Monday, several news outlets talked about the online debate about how a person with bad eyesight could be physically fit for a space journey.
State-run China Daily quoted Yang Liwei, a former astronaut who is now a top official in China’s manned space program, as saying that there were different requirements for each crew member as the jobs on missions became more specialized.
Several articles also described Gui’s rigorous training prior to the mission, which included desert field survival, sleep deprivation tests, centerfuge training, and underwater operational skills exercises.
“Distance and near visual acuity must be correctable to 20/20 in each eye,” according to NASA’s regulations for its astronauts. However, it continues: “The use of glasses is acceptable.”
China’s space powers have been growing quickly in recent years. One example is the Tiangong space station, which finished its basic construction last year and is expected to run and host astronauts for at least ten years.

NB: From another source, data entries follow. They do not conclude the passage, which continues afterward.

Definition weak_cvg (R : realType) (V : normedModType R) (I : inner_product V)
    (u : nat -> V) (p : V) : Prop :=
  forall y : V, (fun n => I (u n) y) @ \oo --> I p y.

(* Weak compactness is replaced by asymptotic centers. For a bounded sequence x
   and an infinite set of indices P, the function
   r_P(z) = limsup_(n in P) |x_n - z|^2 is uniformly convex by the parallelogram
   law, so it has a unique minimizer, the asymptotic center along P; it lies in
   every closed convex set containing the x_n, since the metric projection
   decreases r_P.

   With w = (1 - k) / (b + 1), the averaged map N = (1 - w) id + w T is
   nonexpansive on C and has the fixed points of T, and the Krasnoselskij-Mann
   iteration of T with lam = w / 2 is the Mann iteration of N with weights
   alpha_n / 2. N maps the asymptotic center of any of its orbits to a center of
   the same orbit, hence fixes it. The Mann iterates are Fejer monotone with
   respect to the fixed points of N and their residuals |x_n - N x_n| tend to 0
   because sum s_n (1 - s_n) diverges. Hence every center along an infinite P
   is a fixed point, on which r_P coincides with the full limsup r, so the
   center c of the whole sequence is the center along every infinite P. If
   <x_n - c, y> >= e along an infinite P, moving c slightly towards y would
   lower r_P; applied to y and -y this gives <x_n, y> --> <c, y>. *)

From HB Require Import structures.
From mathcomp Require Import all_boot all_order all_algebra.
From mathcomp Require Import all_classical all_reals all_analysis.
From mathcomp Require Import ring lra.
Import Order.TTheory GRing.Theory Num.Theory.
Import numFieldNormedType.Exports.
Local Open Scope classical_set_scope.
Local Open Scope ring_scope.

This could make it the only place in space where scientists can do study after the International Space Station stops running in 2030.
China has tried to make its station a place where people from all over the world can work together, including by having experiments from other countries.
Beijing has been using its growing strength as a global space power for years to offer other countries partnership and development chances as part of its diplomacy.
The T-shaped, three-module structure of the space station was finished last year. However, according to state media, there are plans to expand the structure and increase its study capabilities in the coming years.
When Tiangong’s core module went into orbit for the first time in 2021, it was the first big step toward a space station dream that the government has had since 1992.
At the time, official media called it “the official start of building one of humanity’s largest and most advanced space-based facilities.”
The CMSA said earlier this year that China will have three space trips in 2023 to use and improve its space station.
Along with the launch on Tuesday, these include the launch of the cargo ship Tianzhou-6 earlier this month and the launch of the second crewed spaceship Shenzhou-17 later this year.
Monday, at its news conference, the CMSA also talked about China’s plan to land people on the moon by 2030.